For an overview of the functionality, esp. of the profile definition document, see README.md.
This has been tested with Saxon HE 9.8.0.11 (Saxon9he.jar) on Ubuntu 14.04.2 LTS using GNU bash, version 4.3.11(1)-release (x86_64-pc-linux-gnu).
Create a working directory and copy the test file into it.
mkdir documents; mkdir documents/test
cp test/test.xml documents/test/
Create the wrapper stylesheets, in this example the "default" profile.
saxon9he.jar profiles/default/profile.xml xsl/make_xsl.xsl
Remove new lines and store to intermediate document:
saxon9he.jar documents/test/test.xml xsl/rmNl.xsl -o:documents/test/test_01_nlRmd.xml
Tokenize:
saxon9he.jar documents/test/test_01_nlRmd.xml profiles/default/wrapper_toks.xsl -o:documents/test/test_02_toks.xml
This creates an intermediate file with some additional meta-information on the tokens.
Add Part-Attributes and explicit token links:
saxon9he.jar documents/test/test_02_toks.xml profiles/default/wrapper_addP.xsl -o:documents/test/test_tokenized.xml
This step returns you input document with added tokens. Depending on your needs, you can further process this document:
NLP applications like taggers mostly operate on so called verticals, i.e. rather flat token sequences in plain text, which can contain only select structure elements. To get there, we first create a vertical in XML, merging any partial tokens into single <w>
-elements:
saxon9he.jar documents/test/test_tokenized.xml profiles/default/wrapper_tei2vert.xsl -o:documents/test/test_vert.xml
Based on Step 6, we then create a vertical in text format:
saxon9he.jar documents/test/test_tokenized.xml profiles/default/wrapper_tei2vert.xsl -o:documents/test/test_vert.xml
There is a quickly-hacked shell script named xtx.sh
which provides some shortcuts to the above-mentioned procedure.
>.\xtx.sh
xtx.sh - a shell script frontend for xml tokenization
=====================================================
Parameters:
-p / --profile: The name of the tokenization profile. (MANDADORY)

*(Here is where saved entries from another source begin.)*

(* Let $k\in\omega\setminus\{0,1\}$ and let $\varphi:\omega\to\omega$ be a nondecreasing function with $\varphi(n)\ge n$ for all $n\in\omega$ and $\varphi(0)=0$. Then there exist a closed class $A$ of decision tables from $\mathcal M_k^\infty$ and a bounded complexity measure $\psi$ such that $\mathcal H^\infty_{\psi,A}$ is everywhere defined and $\varphi(n)\le\mathcal H^\infty_{\psi,A}(n)\le\varphi(n)+n$ for all $n\in\omega$.
   Context: Notation: $\omega=\{0,1,2,\dots\}$; $\mathcal P(\omega)$ is the set of nonempty finite subsets of $\omega$; for $k\in\omega\setminus\{0,1\}$, $E_k=\{0,1,\dots,k-1\}$. $P=\{f_i:i\in\omega\}$ is a set of attributes, $f_i\neq f_j$ for $i\ne j$. Decision tables: $\mathcal M_k^\infty$ is the set of rectangular tables filled with numbers from $E_k$, whose columns are labeled with pairwise different attributes from $P$, whose rows are pairwise different, and each row of which is labeled with a set from $\mathcal P(\omega)$ (its set of decisions). The empty table (no rows) is denoted $\Lambda$ and belongs to $\mathcal M_k^\infty$. For $T\in\mathcal M_k^\infty$: $\Delta(T)$ is the set of rows; $\Pi(T)$ is the intersection of the decision sets of all rows (common decisions); $\mathrm{At}(T)$ is the set of attributes labeling columns. For nonempty $T$ and a word $\alpha=(f_{i_1},\delta_1)\cdots(f_{i_m},\delta_m)$ with $f_{i_j}\in\mathrm{At}(T)$, $\delta_j\in E_k$, $T\alpha$ is the subtable of $T$ consisting of the rows having value $\delta_j$ in the column $f_{i_j}$ for all $j$; for the empty word $\lambda$, $T\lambda=T$. Operations: for $D\subseteq\mathrm{At}(T)$, $I(D,T)$ is obtained from $T$ by deleting the columns labeled with attributes from $D$ and, in each group of rows coinciding on the remaining columns, keeping only the first row; $I(\mathrm{At}(T),T)=\Lambda$. For $\nu:E_k^{|\mathrm{At}(T)|}\to\mathcal P(\omega)$, $J(\nu,T)$ is obtained by replacing the decision set of each row $\bar\delta$ by $\nu(\bar\delta)$. $[T]=\{J(\nu,I(D,T)):D\subseteq\mathrm{At}(T),\ \nu:E_k^{|\mathrm{At}(T)\setminus D|}\to\mathcal P(\omega)\}$; for nonempty $A\subseteq\mathcal M_k^\infty$, $[A]=\bigcup_{T\in A}[T]$. $A$ is a closed class if $[A]=A$. Decision trees: a $k$-decision tree is a finite directed rooted tree with at least two nodes in which the root and the edges leaving the root are unlabeled, each terminal node is labeled with a decision from $\omega$, and each other node is labeled with an attribute from $P$, each edge leaving such a node being labeled with a number from $E_k$. $\mathrm{At}(\Gamma)$ is the set of attributes labeling nodes of $\Gamma$. For a complete path $\tau=v_1,d_1,\dots,v_m,d_m,v_{m+1}$ (from the root to a terminal node), $\pi(\tau)=\lambda$ if $m=1$, and otherwise $\pi(\tau)=(f_{i_2},\delta_2)\cdots(f_{i_m},\delta_m)$ where $v_j$ is labeled $f_{i_j}$ and $d_j$ is labeled $\delta_j$; $T(\tau)=T\pi(\tau)$. For $T\ne\Lambda$, a nondeterministic decision tree for $T$ is a $k$-decision tree $\Gamma$ with $\mathrm{At}(\Gamma)\subseteq\mathrm{At}(T)$ such that every row of $T$ belongs to $T(\tau)$ for some complete path $\tau$, and for every complete path $\tau$ either $T(\tau)=\Lambda$ or the decision at the terminal node of $\tau$ belongs to $\Pi(T(\tau))$. A deterministic decision tree for $T$ is a nondeterministic decision tree for $T$ in which, additionally, exactly one edge leaves the root and the edges leaving any node that is neither the root nor terminal are labeled with pairwise different numbers. Complexity measures: a partially bounded complexity measure is a function $\psi:P^*\to\omega$ on finite words over $P$ such that for all words $\alpha_1,\alpha_2$: $\psi(\alpha_1)=0$ iff $\alpha_1=\lambda$; $\psi(\alpha_1)$ is invariant under permutation of letters; $\psi(\alpha_1)\le\psi(\alpha_1\alpha_2)$; $\psi(\alpha_1\alpha_2)\le\psi(\alpha_1)+\psi(\alpha_2)$. It is bounded if in addition $\psi(\alpha)\ge|\alpha|$ for all $\alpha$. $\psi$ is extended to words $(f_{i_1},\delta_1)\cdots(f_{i_m},\delta_m)$ by $\psi(f_{i_1}\cdots f_{i_m})$. For a $k$-decision tree $\Gamma$, $\psi(\Gamma)=\max_\tau\psi(\pi(\tau))$ over complete paths. For $T\ne\Lambda$, $\psi^d(T)$ (resp. $\psi^a(T)$) is the minimum of $\psi(\Gamma)$ over deterministic (resp. nondeterministic) decision trees $\Gamma$ for $T$; $\psi^d(\Lambda)=\psi^a(\Lambda)=0$. $\mathcal H^\infty_{\psi,A}(n)$ is undefined if the set $\{\psi^d(T):T\in A,\ \psi^a(T)\le n\}$ is infinite, and otherwise equals its maximum; it is everywhere defined if defined for all $n\in\omega$. *)

From mathcomp Require Import all_boot.
Set Implicit Arguments. Unset Strict Implicit. Unset Printing Implicit Defensive.

(* Attributes f_i are identified with their index i : nat.
   A decision set (element of P(omega)) is represented canonically as a
   nonempty strictly increasing list of naturals. *)
Definition dec_set (s : seq nat) : bool := (s != [::]) && sorted ltn s.

(* A decision table: list of column attributes, list of rows; each row is
   (values, decision set). Row order matters (I keeps the first row). *)
Record table := Table { tcols : seq nat; trows : seq (seq nat * seq nat) }.

Definition Lambda : table := Table [::] [::].

Definition wf_table (k : nat) (T : table) : Prop :=
  uniq (tcols T) /\
  (tcols T = [::] <-> trows T = [::]) /\
  uniq (map fst (trows T)) /\
  (forall r, r \in trows T ->
     size r.1 = size (tcols T) /\ all (fun v => v < k) r.1 /\ dec_set r.2).

Definition rval (T : table) (r : seq nat) (f : nat) : nat :=
  nth 0 r (index f (tcols T)).

Definition row_sat (T : table) (alpha : seq (nat * nat)) (r : seq nat) : bool :=
  all (fun p => rval T r p.1 == p.2) alpha.

Definition subtable (T : table) (alpha : seq (nat * nat)) : table :=
  let rs := filter (fun r => row_sat T alpha r.1) (trows T) in
  if rs is [::] then Lambda else Table (tcols T) rs.

Definition in_Pi (T : table) (d : nat) : bool :=
  all (fun r => d \in r.2) (trows T).

Definition keep_first (s : seq (seq nat * seq nat)) : seq (seq nat * seq nat) :=
  foldl (fun acc x => if x.1 \in map fst acc then acc else rcons acc x) [::] s.

Definition Iop (D : seq nat) (T : table) : table :=
  if all (fun f => f \in D) (tcols T) then Lambda else
  let nc := filter (fun f => f \notin D) (tcols T) in
  Table nc (keep_first
    [seq ([seq rval T r.1 f | f <- nc], r.2) | r <- trows T]).

Definition Jop (nu : seq nat -> seq nat) (T : table) : table :=
  Table (tcols T) [seq (r.1, nu r.1) | r <- trows T].

Definition in_closure (T T' : table) : Prop :=
  exists (D : seq nat) (nu : seq nat -> seq nat),
    all (fun f => f \in tcols T) D /\ (forall x, dec_set (nu x)) /\
    T' = Jop nu (Iop D T).

Definition closed_class (k : nat) (A : table -> Prop) : Prop :=
  (exists T, A T) /\ (forall T, A T -> wf_table k T) /\
  (forall T', (exists T, A T /\ in_closure T T') <-> A T').

(* Non-root nodes: terminal nodes labeled with a decision, other nodes labeled
   with an attribute and outgoing edges labeled with numbers. *)
Inductive node := Leaf of nat | Node of nat & seq (nat * node).

(* A k-decision tree: an unlabeled root with a list of (unlabeled) edges to
   subtrees. *)
Record dtree := DTree { droots : seq node }.

Fixpoint node_wf (k : nat) (t : node) : bool :=
  match t with
  | Leaf _ => true
  | Node _ ch => (size ch > 0) && all (fun p => p.1 < k) ch &&
                 all (fun p => node_wf k p.2) ch
  end.

Definition dtree_wf (k : nat) (G : dtree) : bool :=
  (size (droots G) > 0) && all (node_wf k) (droots G).

Fixpoint node_det (t : node) : bool :=
  match t with
  | Leaf _ => true
  | Node _ ch => uniq (map fst ch) && all (fun p => node_det p.2) ch
  end.

Fixpoint node_atts (t : node) : seq nat :=
  match t with
  | Leaf _ => [::]
  | Node f ch => f :: flatten (map (fun p => node_atts p.2) ch)
  end.

Definition dtree_atts (G : dtree) : seq nat := flatten (map node_atts (droots G)).

Fixpoint node_paths (t : node) : seq (seq (nat * nat) * nat) :=
  match t with
  | Leaf d => [:: ([::], d)]
  | Node f ch =>
      flatten (map (fun p => map (fun wd => ((f, p.1) :: wd.1, wd.2))
                                 (node_paths p.2)) ch)
  end.

(* complete paths tau of G, as pairs (pi(tau), decision at terminal node) *)
Definition dtree_paths (G : dtree) : seq (seq (nat * nat) * nat) :=
  flatten (map node_paths (droots G)).

Definition nondet_tree (k : nat) (G : dtree) (T : table) : Prop :=
  T <> Lambda /\ dtree_wf k G /\
  all (fun f => f \in tcols T) (dtree_atts G) /\
  (forall r, r \in trows T ->
     exists2 tau, tau \in dtree_paths G & r \in trows (subtable T tau.1)) /\
  (forall tau, tau \in dtree_paths G ->
     subtable T tau.1 = Lambda \/ in_Pi (subtable T tau.1) tau.2).

Definition det_tree (k : nat) (G : dtree) (T : table) : Prop :=
  nondet_tree k G T /\ size (droots G) = 1 /\ all node_det (droots G).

-i / --input: The path to the XML document to be tokenized.
-o / --output: The path to the tokenized dokument. If not given, the scripts outputs to the shell.
-f / --format: One of 'makeXSL', 'get-profile','rmNl', 'tokenize', 'vert-xml' or 'vert-txt' (MANDADORY)

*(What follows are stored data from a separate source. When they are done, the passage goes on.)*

(* For [n >= 1], [delta(n)^2 <= (|a|/2 + |b(b-1)c|/2) n^(b-2)] as [n^-2 <= n^(b-2)]. *)
Lemma delta_sq_upper (a b c : R) (n : nat) : (1 <= n)%nat -> 0 < b -> b * (b - 1) * c <> 0 ->
  delta_sq_abc a b c n <= (Rabs a / 2 + Rabs (b * (b - 1) * c) / 2) * Rpower (INR n) (b - 2).
Proof.
  intros Hn Hb Hs. assert (HN : 1 <= INR n) by (apply (le_INR 1); lia).
  rewrite delta_sq_split by assumption.
  replace (b - INR 2) with (b - 2) by (simpl; ring).
  assert (Hka : kappa_abc a b c * - a <= Rabs a).
  { destruct (kappa_abc_spec a b c Hs) as [[-> | ->] _];
      pose proof (Rle_abs a); pose proof (Rle_abs (- a)); rewrite Rabs_Ropp in *; lra. }
  assert (Hdom : Rpower (INR n) (- INR 2) <= Rpower (INR n) (b - 2))
    by (apply Rle_Rpower; simpl; lra).
  pose proof (Rpower_pos (INR n) (- INR 2)). pose proof (Rabs_pos a). nra.
Qed.

(* Since [b < 2], [delta(n)^2 = O(n^(b-2))] tends to [0], hence so does [delta(n)]. *)
Lemma delta_abc_tends_to_0 (a b c : R) : 0 < b -> b < 2 -> b * (b - 1) * c <> 0 ->
  tends_to_0 (delta_abc a b c).
Proof.
  intros Hb Hb2 Hs eps Heps.
  set (K := Rabs a / 2 + Rabs (b * (b - 1) * c) / 2).
  assert (HK : 0 <= K)
    by (unfold K; pose proof (Rabs_pos a); pose proof (Rabs_pos (b * (b - 1) * c)); lra).
  assert (He : 0 < (eps / 2) ^ 2) by (apply pow_lt; lra).
  destruct (eventually_Rpower_ge (2 - b) (K / (eps / 2) ^ 2) ltac:(lra)) as [N HN].
  exists (Nat.max 1 N). intros n Hn.
  specialize (HN n ltac:(lia)).
  pose proof (delta_sq_upper a b c n ltac:(lia) Hb Hs) as Hup. fold K in Hup.
  assert (Hsmall : delta_sq_abc a b c n <= (eps / 2) ^ 2).
  { replace (b - 2) with (- (2 - b)) in Hup by ring. rewrite Rpower_Ropp in Hup.
    pose proof (Rpower_pos (INR n) (2 - b)).
    apply Rmult_le_compat_l with (r := (eps / 2) ^ 2) in HN; [| lra].
    replace ((eps / 2) ^ 2 * (K / (eps / 2) ^ 2)) with K in HN by (field; lra).
    apply Rle_trans with (K * / Rpower (INR n) (2 - b)); [exact Hup |].
    apply Rmult_le_reg_r with (Rpower (INR n) (2 - b)); [lra |].
    rewrite Rmult_assoc, Rinv_l by lra. lra. }
  unfold delta_abc. rewrite Rabs_pos_eq by apply sqrt_pos.
  apply sqrt_le_1_alt in Hsmall. rewrite sqrt_pow2 in Hsmall by lra. lra.
Qed.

* makeXSL: Re-compile the wrapper stylesheets (done automatically, if the profile definition document has changed).
* get-profile: Return the XML definition of the tokenizeation profile.
* rmNl: Return the input document with pretty-print newlines stripped
* tokenize: Return the input document with added tokens.
* vert-xml: Return a vertical of the tokens as an XML tokument.
* vert-txt: Return a vertical of the tokens as a text file.
-s/ --saxon: The path to a JAR distribution of the Saxon XSLT Processor. If this is not set, Saxon 9 HE (saxon9he.jar) must be present in your $PATH for this script to work.
>./xtx.sh -m tokenize -p default -i test/test.xml -o test/test_tokenized.xml --saxon ../saxon/saxon9he.jar
This means that you:
- want to tokenize the test document
test/test.xml
- using the
default
profile - your Saxon JAR is located in
../saxon
- and you want to output the result to
test/test_tokenized.xml
.